About the Consortium

The National Consortium for Public Health Workforce Development works collaboratively to ensure the public health workforce has the skills, resources, and support it needs to address the social determinants of health and achieve health equity.

We unite state, Tribal, local, and territorial public health leaders; universities and training providers; philanthropy; federal agencies; the public health workforce; community members; policy makers; and partners in healthcare and other sectors to strategically align our collective actions, support and promote new and relevant research, facilitate shared learning, and improve understanding of the urgency and significance of a well-trained, well-resourced, and diverse public health workforce.

History

In 2013, the National Consortium for Public Health Workforce Development, established by the de Beaumont Foundation, convened public health leaders from more than 30 national public health membership associations, federal agencies, and public health workforce peer networks to identify areas of alignment among their priorities.

Informed by a national survey of the public health workforce in 2014, the Consortium met throughout 2015 to review and discuss the importance of an emerging set of strategic skills for the public health workforce and how, if implemented, these skills could impact the public health workforce.

In 2017, the Consortium released Building Skills for a More Strategic Public Health Workforce: A Call to Action, identifying the 8 skills that all public health workforce members should attain, regardless of their role. While there has been notable progress in the socialization of these recommendations, further work is required to dismantle the obstacles to ensuring their mastery within the public health workforce.

In 2020, the de Beaumont Foundation convened a Planning Committee to relaunch the National Consortium for Public Health Workforce Development and to develop an action plan for strengthening and supporting the public health workforce.
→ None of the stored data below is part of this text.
Lemma power_affine_off_PL alpha c0 m T g : continuity g -> (length T <= m)%nat ->
  power_affine_off alpha c0 T g -> alpha_power_PL_at_most alpha (m + 1) g.
Proof.
  intros Hcont HT Hg.
  pose proof (breakpoints_increasing T) as Hinc.
  pose proof (length_breakpoints T) as Hlen.
  set (bs := breakpoints T) in *.
  (* The guard [i <= length bs] makes the relation total, so that choice applies. *)
  assert (Hpieces : forall i, exists p : R * R, (i <= length bs)%nat ->
    alpha_power alpha c0 (fst p) /\ forall x, in_piece bs i x -> g x = fst p * x + snd p).
  { intros i; destruct (Compare_dec.le_lt_dec i (length bs)) as [Hi|Hi];
      [|exists (0, 0); intros; lia].
    destruct (in_piece_two_points bs Hinc i Hi) as [a0 [a1 [Ha [P0 P1]]]].
    destruct (affine_on_convex (in_piece bs i) (alpha_power alpha c0) g a0 a1
                (in_piece_convex bs i) Ha P0 P1) as [s [c Hsc]].
    { intros x y Hx Hy Hxy; apply Hg; [exact Hxy|].
      intros t Ht; apply (in_piece_cut_free bs Hinc i x y Hi Hx Hy), In_breakpoints, Ht. }
    exists (s, c); intros _; exact Hsc. }
  destruct (functional_choice _ Hpieces) as [p Hp].
  exists bs, (fun i => fst (p i)), (fun i => snd (p i)); split; [|split].
  - split; [exact Hcont | split].
    + intros i Hi; apply Hinc; lia.
    + intros i x Hi; apply (Hp i Hi).
  - lia.
  - exists c0; intros i Hi; apply (Hp i Hi).
Qed.

Theorem mainTheorem3 (alpha : R) (L : nat) (f : R -> R) :
  0 < alpha < 1 -> N1 alpha L f -> alpha_power_PL_at_most alpha (L + 1) f.
Proof.
  intros Ha [w [b Hf]].
  replace f with (net alpha w b L) by (symmetry; apply functional_extensionality, Hf).
  destruct (net_power_affine_off alpha w b L ltac:(lra)) as [T [c0 [HT Hnet]]].
  exact (power_affine_off_PL alpha c0 L T _ (continuity_net alpha w b L) HT Hnet).
Qed.
(* For every positive integer $n$, any deterministic finite automaton separating $\mathrm{EvenCycles}_{n,2}$ from $\mathrm{OddCycles}_{n,2}$ has at least $n+1$ states.
   Context: Let $\Sigma=[n]\times[d]$ where $[m]=\{1,\dots,m\}$. A deterministic finite automaton over $\Sigma$ consists of a finite set $Q$ of states, an initial state $q_{start}\in Q$ and a transition function $\delta\colon Q\times\Sigma\to Q$, extended to words in the usual way. For disjoint $A,B\subseteq\Sigma^{\mathbb N}$, the automaton separates $A$ from $B$ if there is a state $q_{accept}$ such that for every infinite word $w=w_1w_2\ldots\in\Sigma^{\mathbb N}$: if $w\in A$ then there is $i_0$ with $\delta(q_{start},w_1\ldots w_i)=q_{accept}$ for all $i\ge i_0$; if $w\in B$ then $\delta(q_{start},w_1\ldots w_i)\neq q_{accept}$ for all $i\ge 1$. A game graph with $n$ nodes and $d$ priorities is a pair $G=\langle E,\pi\rangle$ where $E\subseteq[n]^2$ is a set of directed edges (loops allowed, no parallel edges) such that every node $u\in[n]$ has at least one outgoing edge, and $\pi\colon E\to[d]$. $G$ is even (resp. odd) if for every $k\ge1$ and every $v_1,\dots,v_k$ with $(v_1,v_2),\dots,(v_{k-1},v_k),(v_k,v_1)\in E$, the maximum of $\pi$ over these $k$ edges is even (resp. odd). $\mathrm{EvenCycles}_{n,d}$ (resp. $\mathrm{OddCycles}_{n,d}$) is the set of infinite words $(v_1,l_1)(v_2,l_2)\ldots\in\Sigma^{\mathbb N}$ for which there exists an even (resp. odd) game graph $G=\langle E,\pi\rangle$ with at most $n$ nodes and $d$ priorities such that $(v_i,v_{i+1})\in E$ and $\pi((v_i,v_{i+1}))=l_i$ for all $i\ge1$. *)

From mathcomp Require Import all_boot.
Set Implicit Arguments. Unset Strict Implicit. Unset Printing Implicit Defensive.

(* Nodes [n] are represented by 'I_n (node v+1 <-> ordinal v);
   priorities [d] = {1..d} are represented by 'I_d, where the ordinal l
   stands for the priority l+1 (see [prio]). *)
Definition Sigma (n d : nat) : finType := ('I_n * 'I_d)%type.

Definition prio (d : nat) (l : 'I_d) : nat := (val l).+1.

(* Run of a DFA: [run delta q0 w i] = delta(q0, w_1 ... w_i), where the
   infinite word w_1 w_2 ... is [w 0, w 1, ...]. *)
Fixpoint run (Q A : Type) (delta : Q -> A -> Q) (q0 : Q) (w : nat -> A)
  (i : nat) : Q :=
  match i with
  | 0 => q0
  | i'.+1 => delta (run delta q0 w i') (w i')
  end.

Definition separates (Q A : Type) (q0 : Q) (delta : Q -> A -> Q)
  (LA LB : (nat -> A) -> Prop) : Prop :=
  exists qacc : Q, forall w : nat -> A,
    (LA w -> exists i0, forall i, i0 <= i -> run delta q0 w i = qacc) /\
    (LB w -> forall i, 1 <= i -> run delta q0 w i <> qacc).

(* A game graph with nodes [n] and priorities [d]: an edge relation E in
   which every node has an outgoing edge, and a labelling pi of edges
   (only its values on edges of E are relevant). *)
Definition game_graph (n d : nat) (E : rel 'I_n) (pi : 'I_n -> 'I_n -> 'I_d)
  : Prop := forall u : 'I_n, exists v, E u v.

Definition cycle_max (n d : nat) (pi : 'I_n -> 'I_n -> 'I_d)
  (k : nat) (v : nat -> 'I_n) : nat :=
  \max_(i < k) prio (pi (v i) (v (i.+1 %% k))).

Definition is_cycle (n : nat) (E : rel 'I_n) (k : nat) (v : nat -> 'I_n)
  : Prop := forall i, i < k -> E (v i) (v (i.+1 %% k)).

Definition even_graph (n d : nat) (E : rel 'I_n) (pi : 'I_n -> 'I_n -> 'I_d)
  : Prop := forall k (v : nat -> 'I_n), 1 <= k -> is_cycle E k v ->
    ~~ odd (cycle_max pi k v).

Definition odd_graph (n d : nat) (E : rel 'I_n) (pi : 'I_n -> 'I_n -> 'I_d)
  : Prop := forall k (v : nat -> 'I_n), 1 <= k -> is_cycle E k v ->
    odd (cycle_max pi k v).

Definition word_in_graph (n d : nat) (E : rel 'I_n) (pi : 'I_n -> 'I_n -> 'I_d)
  (w : nat -> Sigma n d) : Prop :=
  forall i, E (w i).1 (w i.+1).1 /\ pi (w i).1 (w i.+1).1 = (w i).2.

Definition EvenCycles (n d : nat) (w : nat -> Sigma n d) : Prop :=
  exists (E : rel 'I_n) (pi : 'I_n -> 'I_n -> 'I_d),
    game_graph E pi /\ even_graph E pi /\ word_in_graph E pi w.

Definition OddCycles (n d : nat) (w : nat -> Sigma n d) : Prop :=
  exists (E : rel 'I_n) (pi : 'I_n -> 'I_n -> 'I_d),
    game_graph E pi /\ odd_graph E pi /\ word_in_graph E pi w.

From mathcomp Require Import all_boot.
From mathcomp Require Import zify.

Set Implicit Arguments. Unset Strict Implicit. Unset Printing Implicit Defensive.

(* Let qacc be the accepting state. A word all of whose labels are 2 lies in
   EvenCycles together with every lasso built from it, so a state repeated
   along its run must be qacc. The word climbing through the nodes 1, ..., n
   with labels 2 agrees for n - 1 letters with an odd word (the same climb,
   labelled 1 once it stops), so its states at times 1, ..., n - 1 are
   distinct and non-accepting. One more non-accepting state x, from which the
   climb stays non-accepting for n steps, is q0 if q0 <> qacc and otherwise
   the state reached on the odd letter (1, 1). Either x is new, or it already
   occurs on the climb and restarting the climb there gives n distinct
   non-accepting states on a single word with labels 2. *)

Section Runs.
Variables (Q A : Type) (delta : Q -> A -> Q).

Lemma eq_run q (w w' : nat -> A) i :
  (forall k, k < i -> w k = w' k) -> run delta q w i = run delta q w' i.
Proof.
elim: i => [//|i IHi] eq_w /=.
by rewrite IHi ?eq_w // => k lt_ki; rewrite eq_w // ltnW.
Qed.

Lemma run_add q (w : nat -> A) i j :
  run delta q w (i + j) = run delta (run delta q w i) (fun k => w (i + k)) j.
Proof. by elim: j => [|j IHj]; rewrite ?addn0 // addnS /= IHj. Qed.

End Runs.

Definition splice (A : Type) (u : nat -> A) (p : nat) (v : nat -> A) (k : nat) : A :=
  if k < p then u k else v (k - p).

Lemma run_splice (Q A : Type) (delta : Q -> A -> Q) q (u v : nat -> A) p r :
  run delta q (splice u p v) (p + r) = run delta (run delta q u p) v r.
Proof.
rewrite run_add; have -> : run delta q (splice u p v) p = run delta q u p.
  by apply: eq_run => k lt_kp; rewrite /splice lt_kp.
by apply: eq_run => k _; rewrite /splice ltnNge leq_addr addKn.
Qed.

Definition lasso (A : Type) (w : nat -> A) (a p k : nat) : A :=
  w (if k < a then k else a + (k - a) %% p).

Lemma run_lasso (Q A : Type) (delta : Q -> A -> Q) q (w : nat -> A) a p :
  run delta q w a = run delta q w (a + p) ->
  forall m, run delta q (lasso w a p) (a + m * p) = run delta q w a.
Proof.
move=> loop_w; elim=> [|m IHm].
  by rewrite addn0; apply: eq_run => k lt_ka; rewrite /lasso lt_ka.
rewrite mulSnr addnA run_add IHm [RHS]loop_w run_add; apply: eq_run => k lt_kp.
by rewrite /lasso ltnNge -addnA leq_addr addKn modnMDl modn_small.
Qed.

Section GameGraphs.
Variables n d : nat.

Lemma cycle_max_const (pi : 'I_n -> 'I_n -> 'I_d) k v c : 0 < k ->
  (forall i, i < k -> prio (pi (v i) (v (i.+1 %% k))) = c) -> cycle_max pi k v = c.
Proof.
move=> k_gt0 pi_c; apply/eqP; rewrite eqn_leq; apply/andP; split.
  by apply/bigmax_leqP => i _; rewrite pi_c.
by rewrite -(pi_c 0 k_gt0) /cycle_max; exact: (leq_bigmax (Ordinal k_gt0)).
Qed.

Lemma const_label_even (l : 'I_d) (w : nat -> Sigma n d) :
  ~~ odd (prio l) -> (forall i, (w i).2 = l) -> EvenCycles w.
Proof.
move=> even_l w_l; exists (fun _ _ => true), (fun _ _ => l); split; last split.
- by move=> u; exists u.
- by move=> k v k_gt0 _; rewrite (@cycle_max_const _ _ _ (prio l)).
- by move=> i; rewrite w_l.
Qed.

Lemma monotone_cycle_const (E : rel 'I_n) k v :
  (forall u u', E u u' -> u <= u') -> is_cycle E k v ->
  forall i, i < k -> v i = v (i.+1 %% k).
Proof.
move=> E_mono cyc i lt_ik; have k_gt0 : 0 < k by apply: leq_ltn_trans lt_ik.
have cyc_le j : v (j %% k) <= v (j.+1 %% k).
  by have := E_mono _ _ (cyc _ (ltn_pmod j k_gt0)); rewrite -addn1 modnDml addn1.
have ge_v j l : v (j %% k) <= v ((j + l) %% k).
  by elim: l => [|l IHl]; rewrite ?addn0 // (leq_trans IHl) // addnS.
apply/val_inj/eqP; rewrite eqn_leq -{1 4}(modn_small lt_ik) cyc_le /=.
by have := ge_v i.+1 k.-1; rewrite addSnnS prednK // modnDr.
Qed.

Definition mono_word (lo hi : 'I_d) (c : nat -> 'I_n) (i : nat) : Sigma n d :=
  (c i, if c i < c i.+1 then hi else lo).

Lemma mono_word_odd (lo hi : 'I_d) (c : nat -> 'I_n) :
  odd (prio lo) -> (forall i, c i <= c i.+1) -> OddCycles (mono_word lo hi c).
Proof.
move=> odd_lo c_mono.
exists (fun u u' : 'I_n => u <= u'), (fun u u' => if u < u' then hi else lo).
split; last split.
- by move=> u; exists u.
- move=> k v k_gt0 cyc; rewrite (@cycle_max_const _ _ _ (prio lo)) // => i lt_ik.
  by rewrite -(monotone_cycle_const _ cyc lt_ik) // ltnn.
- by move=> i; split; rewrite ?c_mono.
Qed.

End GameGraphs.

Definition label1 : 'I_2 := ord0.
Definition label2 : 'I_2 := ord_max.

Section Separation.
Variables (n : nat) (Q : finType) (q0 qacc : Q) (delta : Q -> Sigma n 2 -> Q).
Hypothesis even_accepted : forall w, EvenCycles w ->
  exists i0, forall i, i0 <= i -> run delta q0 w i = qacc.

Lemma lasso_accepting (w : nat -> Sigma n 2) a b :
  (forall i, (w i).2 = label2) -> a < b ->
  run delta q0 w a = run delta q0 w b -> run delta q0 w a = qacc.
Proof.
move=> w_label2 lt_ab loop_w; set p := b - a.
have p_gt0 : 0 < p by rewrite subn_gt0.
have {}loop_w : run delta q0 w a = run delta q0 w (a + p) by rewrite subnKC // ltnW.
have [i0 accept] := even_accepted (@const_label_even _ _ label2 (lasso w a p) erefl
  (fun k => w_label2 _)).
rewrite -(run_lasso loop_w i0); apply: accept.
exact: leq_trans (leq_pmulr _ p_gt0) (leq_addl _ _).
Qed.

Lemma nonaccepting_window_uniq (w : nat -> Sigma n 2) p N :
  (forall i, (w i).2 = label2) ->
  (forall k, k < N -> run delta q0 w (p + k) != qacc) ->
  uniq (qacc :: mkseq (fun k => run delta q0 w (p + k)) N).
Proof.
move=> w_label2 nonacc /=; apply/andP; split.
  by apply/negP => /mapP [k]; rewrite mem_iota add0n => /nonacc/eqP nacc /esym.
apply/(mkseq_uniqP _ _) => i j; rewrite !inE => lt_iN lt_jN eq_ij.
wlog lt_ij : i j lt_iN lt_jN eq_ij / i < j.
  move=> wlog_ij; case: (ltngtP i j) => [||//] ?; first exact: wlog_ij.
  by apply/esym/wlog_ij.
have := lasso_accepting w_label2 _ eq_ij; rewrite ltn_add2l => /(_ lt_ij) acc.
by move/eqP: (nonacc i lt_iN).
Qed.

Lemma card_nonaccepting_runs (w : nat -> Sigma n 2) N (x : Q) :
  (forall i, (w i).2 = label2) ->
  (forall k, k < N -> run delta q0 w (1 + k) != qacc) ->
  (forall r, r <= N -> run delta x w r != qacc) ->
  N.+2 <= #|Q|.
Proof.
move=> w_label2 w_nonacc x_nonacc.
have size_le_card (s : seq Q) : uniq s -> size s <= #|Q|.
  by move/card_uniqP <-; apply: max_card.
set S := mkseq (fun k => run delta q0 w (1 + k)) N.
have uniq_S : uniq (qacc :: S) by apply: nonaccepting_window_uniq.
have [/mapP [k _ x_eq] | x_notin_S] := boolP (x \in S); last first.
  have uniq_xS : uniq (x :: qacc :: S).
    by rewrite /= inE negb_or (x_nonacc 0) ?x_notin_S.
  by have := size_le_card _ uniq_xS; rewrite /= size_mkseq.
rewrite {}x_eq in x_nonacc.
have splice_label2 i : (splice w (1 + k) w i).2 = label2 by rewrite /splice; case: ifP.
set T := mkseq (fun r => run delta q0 (splice w (1 + k) w) (1 + k + r)) N.+1.
have uniq_T : uniq (qacc :: T).
  by apply: nonaccepting_window_uniq => // r lt_rN; rewrite run_splice; apply: x_nonacc.
by have := size_le_card _ uniq_T; rewrite /T /= size_map size_iota.
Qed.

End Separation.

Theorem proposition5 (n : nat) (Hn : 0 < n) (Q : finType) (q0 : Q)
  (delta : Q -> Sigma n 2 -> Q) :
  separates q0 delta (@EvenCycles n 2) (@OddCycles n 2) ->
  n.+1 <= #|Q|.
Proof.
case: n Hn delta => [//|m] _ delta [qacc separ].
have rejected w r : OddCycles w -> 0 < r -> run delta q0 w r != qacc.
  by move=> odd_w r_gt0; apply/eqP/(separ w).2.
pose climb j : 'I_m.+1 := inord (minn j m).
have climbK j : climb j = minn j m :> nat by rewrite inordK // ltnS geq_minr.
pose even_climb j := (climb j, label2).
pose odd_climb := mono_word label1 label2 climb.
pose odd_climb' :=
  mono_word label1 label2 (fun j => if j is j'.+1 then climb j' else ord0).
have odd_climb_odd : OddCycles odd_climb.
  by apply: mono_word_odd => // j; rewrite !climbK; lia.
have odd_climb'_odd : OddCycles odd_climb'.
  by apply: mono_word_odd => // -[|j] //; rewrite !climbK; lia.
have run_even_climb q r : r <= m -> run delta q even_climb r = run delta q odd_climb r.
  move=> le_rm; apply: eq_run => j lt_jr.
  by rewrite /odd_climb /mono_word !climbK ifT //; lia.
apply: (card_nonaccepting_runs (fun w => (separ w).1) (w := even_climb)
    (x := if q0 == qacc then run delta q0 odd_climb' 1 else q0)) => //.
  by move=> k lt_km; rewrite run_even_climb // rejected.
move=> r le_rm.
rewrite run_even_climb //; case: ifP => [_ | /negbT q0_nacc].
  have -> : run delta (run delta q0 odd_climb' 1) odd_climb r =
            run delta q0 odd_climb' (1 + r) by rewrite run_add.
  exact: rejected.
by case: r le_rm => [|r] _; [exact: q0_nacc | exact: rejected].
Qed.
The COVID-19 pandemic had laid bare and exacerbated gaps in the workforce, and persistent health disparities highlighted the need to ensure the workforce could support communities.

Funding

The National Consortium for Public Health Workforce Development and this website are supported by the Centers for Disease Control and Prevention of the U.S. Department of Health and Human Services (HHS) as part of a financial assistance award totaling $141,982 with 23 percentage funded by CDC/HHS and $486,948 amount and 77 percentage funded by the de Beaumont Foundation. The contents are those of the author(s) and do not necessarily represent the official views of, nor an endorsement, by CDC/HHS, or the U.S. Government.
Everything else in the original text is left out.